--- Exercise brief ---
Transcribe exactly, and only, the lines from the one containing "(X B : vec m" through the last line of the data.

--- Extracted records ---
(* Let $A=F/I$ where $I\subset F$ is a two-sided ideal generated by finitely many monomials, and let $M\subset\bigoplus_{i=1}^rA[-\delta_i]$ be a finitely generated monomial right submodule. Then $N=\bigoplus_iA[-\delta_i]/M$ has a minimal graded free right resolution in which every right syzygy module $M_i$ ($i\ge1$, with $M_1=M$) is finitely generated and monomial. Moreover, if $b_k(I)=0$ for all $k>d$ and $b_k(M)=0$ for all $k>\Delta$, then $b_k(M_i)=0$ for all $k>\Delta+(i-1)(d-1)$ and all $i\ge1$. (Such a resolution need not have finite length.)
   Context: $\mathbb K$ is a field, $F=\mathbb K\langle x_1,\dots,x_n\rangle$ the free associative algebra with standard grading and $W$ its set of monomials. $A[-\delta]_e=A_{e-\delta}$; $\bigoplus_iA[-\delta_i]$ is the graded free right $A$-module with basis $e_i$ of degree $\delta_i$. A right submodule of a graded free module $\bigoplus_jA[-\Delta_j]$ (basis $\epsilon_j$) is monomial if it is generated by elements of the form $\epsilon_j(w+I)$ with $w\in W$. A graded free right resolution of $N$ is an exact sequence $0\leftarrow N\leftarrow\bigoplus_iA[-\delta_i]\leftarrow\bigoplus_jA[-\delta'_j]\leftarrow\cdots$ of graded right module homomorphisms; $M_i$ is the kernel of the $(i+1)$-th map (so $M_0=N$, $M_1=M$), and the resolution is minimal if the images of the canonical bases are minimal homogeneous bases of the $M_i$. $b_k(\cdot)$ denotes the number of degree-$k$ elements in a minimal homogeneous basis (for $I$, as a two-sided ideal of $F$). *)

From HB Require Import structures.
From mathcomp Require Import all_boot all_order all_algebra.
Set Implicit Arguments. Unset Strict Implicit. Unset Printing Implicit Defensive.
Import GRing.Theory Num.Theory.
Local Open Scope ring_scope.

Section FreeAlgebra.
Variables (K : fieldType) (n : nat).

(** Monomials W of F = K<x_1..x_n>: words over 'I_n; degree = length. *)
Definition word := seq 'I_n.
(** Elements of F are the finitely supported functions word -> K
   (a general function is a noncommutative formal series). *)
Definition ser := word -> K.
Definition ser0 : ser := fun _ => 0.
Definition seradd (f g : ser) : ser := fun w => f w + g w.
Definition seropp (f : ser) : ser := fun w => - f w.
Definition sersub (f g : ser) : ser := seradd f (seropp g).
Definition sermul (f g : ser) : ser :=
  fun w => \sum_(i < (size w).+1) f (take i w) * g (drop i w).
Definition mono (u : word) : ser := fun w => (w == u)%:R.
Definition fin_supp (f : ser) : Prop :=
  exists s : seq word, forall w, f w != 0 -> w \in s.
Definition homog (f : ser) (e : nat) : Prop :=
  forall w, f w != 0 -> size w = e.

Inductive ideal_gen (S : ser -> Prop) : ser -> Prop :=
| ig_gen f : S f -> ideal_gen S f
| ig_zero : ideal_gen S ser0
| ig_add f g : ideal_gen S f -> ideal_gen S g -> ideal_gen S (seradd f g)
| ig_lmul a f : fin_supp a -> ideal_gen S f -> ideal_gen S (sermul a f)
| ig_rmul f a : fin_supp a -> ideal_gen S f -> ideal_gen S (sermul f a).

Definition monideal (G : seq word) : ser -> Prop :=
  ideal_gen (fun f => exists2 g, g \in G & f = mono g).

Definition min_hom_basis_ideal (X B : ser -> Prop) : Prop :=
  [/\ forall b, B b -> exists e, homog b e,
      forall f, X f <-> ideal_gen B f &
      forall b, B b -> ~ (forall f, X f -> ideal_gen (fun y => B y /\ y <> b) f)].

(** b_k(X) = 0 for all k > d. *)
Definition bk_vanish_ideal (X : ser -> Prop) (d : nat) : Prop :=
  forall B, min_hom_basis_ideal X B ->
  forall b, B b -> b <> ser0 -> forall e, homog b e -> (e <= d)%N.

(** Graded free right A-module (+)_{j<m} A[-dg_j], A = F/I: elements are
   represented by vectors of elements of F, identified modulo I. *)
Definition vec (m : nat) := 'I_m -> ser.
Definition vzero m : vec m := fun _ => ser0.
Definition vadd m (x y : vec m) : vec m := fun j => seradd (x j) (y j).
Definition vmulr m (x : vec m) (a : ser) : vec m := fun j => sermul (x j) a.
Definition vmono m (j : 'I_m) (w : word) : vec m :=
  fun j' => if j' == j then mono w else ser0.

Inductive rspan (I : ser -> Prop) (m : nat) (S : vec m -> Prop) : vec m -> Prop :=
| rs_gen x : S x -> rspan I S x
| rs_zero : rspan I S (@vzero m)
| rs_add x y : rspan I S x -> rspan I S y -> rspan I S (vadd x y)
| rs_mul x a : fin_supp a -> rspan I S x -> rspan I S (vmulr x a)
| rs_eq x y : rspan I S x -> (forall j, I (sersub (y j) (x j))) -> rspan I S y.

Definition vhomog m (dg : 'I_m -> int) (x : vec m) (e : int) : Prop :=
  forall j w, x j w != 0 -> (size w)%:Z + dg j = e.

Definition is_monomial (I : ser -> Prop) m (X : vec m -> Prop) : Prop :=
  exists S : 'I_m -> word -> Prop,
    forall x, X x <-> rspan I (fun y => exists j w, S j w /\ y = vmono j w) x.

Definition fin_gen (I : ser -> Prop) m (X : vec m -> Prop) : Prop :=
  exists k (g : 'I_k -> vec m),
    forall x, X x <-> rspan I (fun y => exists i, y = g i) x.

Definition min_hom_basis (I : ser -> Prop) m (dg : 'I_m -> int)
    (X B : vec m -> Prop) : Prop :=
  [/\ forall b, B b -> exists e, vhomog dg b e,
      forall x, X x <-> rspan I B x &
      forall b, B b -> ~ (forall x, X x -> rspan I (fun y => B y /\ y <> b) x)].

--- Finished task ---
    (X B : vec m -> Prop) : Prop :=
  [/\ forall b, B b -> exists e, vhomog dg b e,
      forall x, X x <-> rspan I B x &
      forall b, B b -> ~ (forall x, X x -> rspan I (fun y => B y /\ y <> b) x)].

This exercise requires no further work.